Robert James Clarke, 58, from Dundrod Road in Nutts Corner is on trial for the murder of 53-year-old Alfredo Fusco in north Belfast in February 1973.

On Tuesday, a retired police officer said he believed Mr Fusco had tried to hide behind a closed door.

He added that he believed a shot through the door hit him in the head.

Robert Clarke, who denies murder, claims he could not shoot a gun after losing two fingers in an industrial accident years earlier.

However, the court has also heard that he was later convicted of the murder of Margaret O'Neill on the New Lodge Road in 1975.

'Slumped'

Retired chief inspector Alan McCrum described to the court how he found Mr Fusco's body, slumped behind the store room door at the back of the shop.

The retired RUC scenes of crime officer said that he found two 9mm live rounds of ammunition outside the door, while he noticed one bullet hole and a further strike mark on the door caused by a .45 round.

Reading from a report made at the time, Mr McCrum said he had formed the opinion that Mr Fusco had been "against this door in an effort to keep it closed and was probably in a crouched position so not to be seen through the glass panel in the upper half of the door".

"In my opinion," he read, "of the two shots fired through the door, one struck Mr Fusco in the head and passed through the skull and landed on the floor.
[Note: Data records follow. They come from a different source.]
(* Over all 3-periodics of $\mathcal{E}$, the incenter $X_1^\dagger$ of the focus-inversive triangle moves on the circle with center and radius \[C_1^\dagger=\left(c\left(-1+\rho^2\frac{-2a^2+b^2+2\delta}{2b^4}\right),0\right),\qquad R_1^\dagger=\rho^2\,\frac{-2\delta^2+b^4+(2a^2-b^2)\delta}{2ab^4}.\]
   Context: Let $a>b>0$ and let $\mathcal{E}$ be the ellipse $x^2/a^2+y^2/b^2=1$. Set $c=\sqrt{a^2-b^2}$, $\delta=\sqrt{a^4-a^2b^2+b^4}$, and let the foci be $f_1=(-c,0)$, $f_2=(c,0)$. A 3-periodic is a triangle $P_1P_2P_3$ with vertices on $\mathcal{E}$ such that at each vertex the normal to $\mathcal{E}$ bisects the angle formed by the two sides meeting at that vertex; these form a one-parameter family (one through every point of $\mathcal{E}$). Fix $\rho>0$; the focus-inversive triangle has vertices $P_i^\dagger=f_1+(\rho/d_{1,i})^2(P_i-f_1)$, $d_{1,i}=|P_i-f_1|$. *)

From Stdlib Require Import Reals.
Open Scope R_scope.

Definition pt : Type := (R * R)%type.

Definition pdist (p q : pt) : R :=
  sqrt ((fst p - fst q) ^ 2 + (snd p - snd q) ^ 2).

Definition on_ellipse (a b : R) (p : pt) : Prop :=
  (fst p) ^ 2 / a ^ 2 + (snd p) ^ 2 / b ^ 2 = 1.

Definition noncollinear (P Q S : pt) : Prop :=
  (fst Q - fst P) * (snd S - snd P) - (snd Q - snd P) * (fst S - fst P) <> 0.

(* At vertex P (on the ellipse), the normal to the ellipse, with direction
   (x/a^2, y/b^2), bisects the angle formed by the sides PQ and PS: the
   normal is parallel to the (internal) bisector direction u + v, where
   u, v are the unit vectors from P towards Q and S. *)
Definition normal_bisects (a b : R) (P Q S : pt) : Prop :=
  let ux := (fst Q - fst P) / pdist P Q in
  let uy := (snd Q - snd P) / pdist P Q in
  let vx := (fst S - fst P) / pdist P S in
  let vy := (snd S - snd P) / pdist P S in
  let nx := fst P / a ^ 2 in
  let ny := snd P / b ^ 2 in
  (ux + vx) * ny - (uy + vy) * nx = 0.

Definition three_periodic (a b : R) (P1 P2 P3 : pt) : Prop :=
  on_ellipse a b P1 /\ on_ellipse a b P2 /\ on_ellipse a b P3 /\
  noncollinear P1 P2 P3 /\
  normal_bisects a b P1 P2 P3 /\
  normal_bisects a b P2 P3 P1 /\
  normal_bisects a b P3 P1 P2.

Definition focus1 (a b : R) : pt := (- sqrt (a ^ 2 - b ^ 2), 0).

Definition invert (f : pt) (rho : R) (P : pt) : pt :=
  let k := (rho / pdist P f) ^ 2 in
  (fst f + k * (fst P - fst f), snd f + k * (snd P - snd f)).

Definition incenter (A B C : pt) : pt :=
  let la := pdist B C in
  let lb := pdist C A in
  let lc := pdist A B in
  let s := la + lb + lc in
  ((la * fst A + lb * fst B + lc * fst C) / s,
   (la * snd A + lb * snd B + lc * snd C) / s).

Definition delta (a b : R) : R := sqrt (a ^ 4 - a ^ 2 * b ^ 2 + b ^ 4).

From Stdlib Require Import Reals Lra.
From Coquelicot Require Import Rcomplements Complex.
Open Scope R_scope.

(* Write each vertex in polar coordinates about the focus f1 = (-c, 0): P = f1 + r u with
   |u| = 1 and r = b^2 / (a - c u_x).  Inversion about f1 keeps u and replaces r by rho^2 / r.

   By the reflection law all sides of a 3-periodic are tangent to one conic
   x^2/(a^2 - lam) + y^2/(b^2 - lam) = 1 confocal with the ellipse, and a chord P_j P_k
   tangent to it has length a |u_j - u_k|^2 r_j r_k / (2 b sqrt lam).  Hence the sides of the
   focus-inversive triangle are proportional to |u_j - u_k|^2, and its incenter is the mean of
   the inverted vertices with these weights.

   Viewing the u_j as complex numbers, tangency becomes a symmetric biquadratic relation
   between u_j and u_k; three distinct roots on the unit circle force u_1 + u_2 + u_3 = t to
   be real with a c t^2 - 2 (a^2 + c^2) t + 3 a c = 0.  The weighted mean then equals
   f1 + rho^2 t (3 - t u_1 u_2 u_3) / (a (9 - t^2)), a point of a fixed circle because
   |u_1 u_2 u_3| = 1. *)

Definition sqdist (P Q : pt) : R := (fst P - fst Q) ^ 2 + (snd P - snd Q) ^ 2.

Lemma sqdist_nonneg (P Q : pt) : 0 <= sqdist P Q.
Proof. apply Rplus_le_le_0_compat; apply pow2_ge_0. Qed.

Lemma pdist_sqr (P Q : pt) : pdist P Q ^ 2 = sqdist P Q.
Proof. apply pow2_sqrt, sqdist_nonneg. Qed.

Lemma pdist_nonneg (P Q : pt) : 0 <= pdist P Q.
Proof. apply sqrt_pos. Qed.

Lemma pdist_eq (P Q : pt) (d : R) : 0 <= d -> sqdist P Q = d ^ 2 -> pdist P Q = d.
Proof. intros hd E. change (sqrt (sqdist P Q) = d). rewrite E. now apply sqrt_pow2. Qed.

Lemma sqdist_pos (P Q : pt) : P <> Q -> 0 < sqdist P Q.
Proof.
  destruct P as [x y], Q as [x' y']; unfold sqdist; simpl; intros H.
  destruct (Req_dec x x') as [<-|hx].
  - assert (hy : y - y' <> 0) by (intro E; apply H; f_equal; lra).
    assert (h := pow2_gt_0 _ hy). assert (h0 := pow2_ge_0 (x - x)). lra.
  - assert (h := pow2_gt_0 (x - x') ltac:(lra)). assert (h0 := pow2_ge_0 (y - y')). lra.
Qed.

Lemma pdist_pos (P Q : pt) : P <> Q -> 0 < pdist P Q.
Proof.
  intros H. assert (h := sqdist_pos _ _ H). rewrite <- pdist_sqr in h.
  assert (h0 := pdist_nonneg P Q). nra.
Qed.

Lemma pdist_pos_neq (P Q : pt) : 0 < pdist P Q -> P <> Q.
Proof. intros h <-. rewrite (pdist_eq P P 0) in h; [lra | lra | unfold sqdist; ring]. Qed.

Lemma pdist_invert (f : pt) (rho : R) (P Q : pt) : P <> f -> Q <> f ->
  pdist (invert f rho P) (invert f rho Q) = rho ^ 2 * pdist P Q / (pdist P f * pdist Q f).
Proof.
  intros hP hQ.
  assert (dP := pdist_pos _ _ hP). assert (dQ := pdist_pos _ _ hQ).
  apply pdist_eq.
  { apply Rdiv_le_0_compat; [|nra]. assert (h := pdist_nonneg P Q). nra. }
  assert (EP := pdist_sqr P f). assert (EQ := pdist_sqr Q f). assert (E := pdist_sqr P Q).
  unfold invert, sqdist in *.
  destruct P as [x y], Q as [x' y'], f as [fx fy]; cbn [fst snd] in *.
  set (dPf := pdist (x, y) (fx, fy)) in *. set (dQf := pdist (x', y') (fx, fy)) in *.
  set (d := pdist (x, y) (x', y')) in *.
  transitivity (rho ^ 4 * (((x - fx) ^ 2 + (y - fy) ^ 2) / dPf ^ 4
    - 2 * ((x - fx) * (x' - fx) + (y - fy) * (y' - fy)) / (dPf ^ 2 * dQf ^ 2)
    + ((x' - fx) ^ 2 + (y' - fy) ^ 2) / dQf ^ 4)).
  { field. lra. }
  rewrite <- EP, <- EQ.
  replace ((rho ^ 2 * d / (dPf * dQf)) ^ 2) with (rho ^ 4 * d ^ 2 / (dPf ^ 2 * dQf ^ 2))
    by (field; lra).
  rewrite E.
  replace ((x - x') ^ 2 + (y - y') ^ 2)
    with (dPf ^ 2 + dQf ^ 2 - 2 * ((x - fx) * (x' - fx) + (y - fy) * (y' - fy)))
    by (rewrite EP, EQ; ring).
  field. lra.
Qed.

Lemma incenter_of_proportional_sides (k q1 q2 q3 : R) (A B C : pt) :
  0 < k -> 0 < q1 + q2 + q3 ->
  pdist B C = k * q1 -> pdist C A = k * q2 -> pdist A B = k * q3 ->
  incenter A B C = ((q1 * fst A + q2 * fst B + q3 * fst C) / (q1 + q2 + q3),
                    (q1 * snd A + q2 * snd B + q3 * snd C) / (q1 + q2 + q3)).
Proof.
  intros hk hq E1 E2 E3. unfold incenter. rewrite E1, E2, E3.
  f_equal; field; nra.
Qed.

(** * The reflection law and the confocal caustic *)

Lemma reflection_preserves_quadratic_form (nx ny m11 m12 m22 w1 w2 v1 v2 : R) :
  nx ^ 2 + ny ^ 2 <> 0 -> w1 ^ 2 + w2 ^ 2 = 1 -> v1 ^ 2 + v2 ^ 2 = 1 ->
  (w1 + v1) * ny - (w2 + v2) * nx = 0 ->
  ny * (m11 * nx + m12 * ny) = nx * (m12 * nx + m22 * ny) ->
  m11 * w1 ^ 2 + 2 * m12 * w1 * w2 + m22 * w2 ^ 2
  = m11 * v1 ^ 2 + 2 * m12 * v1 * v2 + m22 * v2 ^ 2.
Proof.
  intros hn hw hv hpar heig.
  (* The difference of the two forms is (w + v)^T M (w - v).  Expanding w + v and M n along
     n and n' = (ny, -nx), the n'-components vanish by hypothesis and what is left is a
     multiple of (w + v).(w - v) = |w|^2 - |v|^2 = 0. *)
  set (N := nx ^ 2 + ny ^ 2).
  set (s1 := w1 + v1) in *. set (s2 := w2 + v2) in *.
  set (d1 := w1 - v1). set (d2 := w2 - v2).
  assert (hsd : s1 * d1 + s2 * d2 = 0) by (unfold s1, s2, d1, d2; nra).
  assert (key : N ^ 2 * ((m11 * s1 + m12 * s2) * d1 + (m12 * s1 + m22 * s2) * d2)
    = (nx * (m11 * nx + m12 * ny) + ny * (m12 * nx + m22 * ny))
        * (N * (s1 * d1 + s2 * d2) - (s1 * ny - s2 * nx) * (ny * d1 - nx * d2))
      + (s1 * nx + s2 * ny) * (ny * (m11 * nx + m12 * ny) - nx * (m12 * nx + m22 * ny))
        * (ny * d1 - nx * d2)
      + N * (s1 * ny - s2 * nx)
        * ((m11 * ny - m12 * nx) * d1 + (m12 * ny - m22 * nx) * d2)).
  { unfold N. ring. }
  rewrite hsd, hpar in key.
  replace (ny * (m11 * nx + m12 * ny) - nx * (m12 * nx + m22 * ny)) with 0 in key by lra.
  assert (hN2 : N ^ 2 <> 0) by (apply pow_nonzero; exact hn).
  assert (hform : (m11 * s1 + m12 * s2) * d1 + (m12 * s1 + m22 * s2) * d2 = 0).
  { apply (Rmult_eq_reg_l (N ^ 2)); [lra | exact hN2]. }
  unfold s1, s2, d1, d2 in hform. nra.
Qed.

Definition confocal_form (c : R) (P Q : pt) : R :=
  (fst P * snd Q - fst Q * snd P) ^ 2 - c ^ 2 * (snd Q - snd P) ^ 2.

(* The line PQ is tangent to the conic x^2/(a^2 - lam) + y^2/(b^2 - lam) = 1, confocal with
   the ellipse when c^2 = a^2 - b^2, iff confocal_form c P Q = (b^2 - lam) |PQ|^2. *)
Definition confocal_tangent (b c lam : R) (P Q : pt) : Prop :=
  confocal_form c P Q = (b ^ 2 - lam) * sqdist P Q.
"Possibily after this, the assassin forced the door sufficiently open to fire a shot into Mr Fusco's back as he lay prostrate on the floor".

Prosecuting QC Gordon Kerr claimed that Robert Clarke, armed with a Sterling sub machinegun, was one of the two gunmen Mr Fusco fled after he had "guessed correctly that they were coming after him".

'Jammed'

As Mr Fusco tried to wedge himself up against the door of the store, the sub machinegun jammed twice and Clarke "returned to his accomplice and exchanged the sub machinegun for the revolver and ran back and fired the revolver through the door".

The Diplock trial has already heard that Robert Clarke was arrested last year after finger and palm prints found on the store room door were identified as his.

The case had been reviewed by the Historical Inquiries Team.

Following his arrest in August last year, Clarke claimed that at the time he had worked as a "door hanger" although he accepted he had not worked in the north Belfast or York Road area.

Mr Kerr said that while Clarke could not explain how his prints got on the door, he maintained he had not shot Mr Fusco.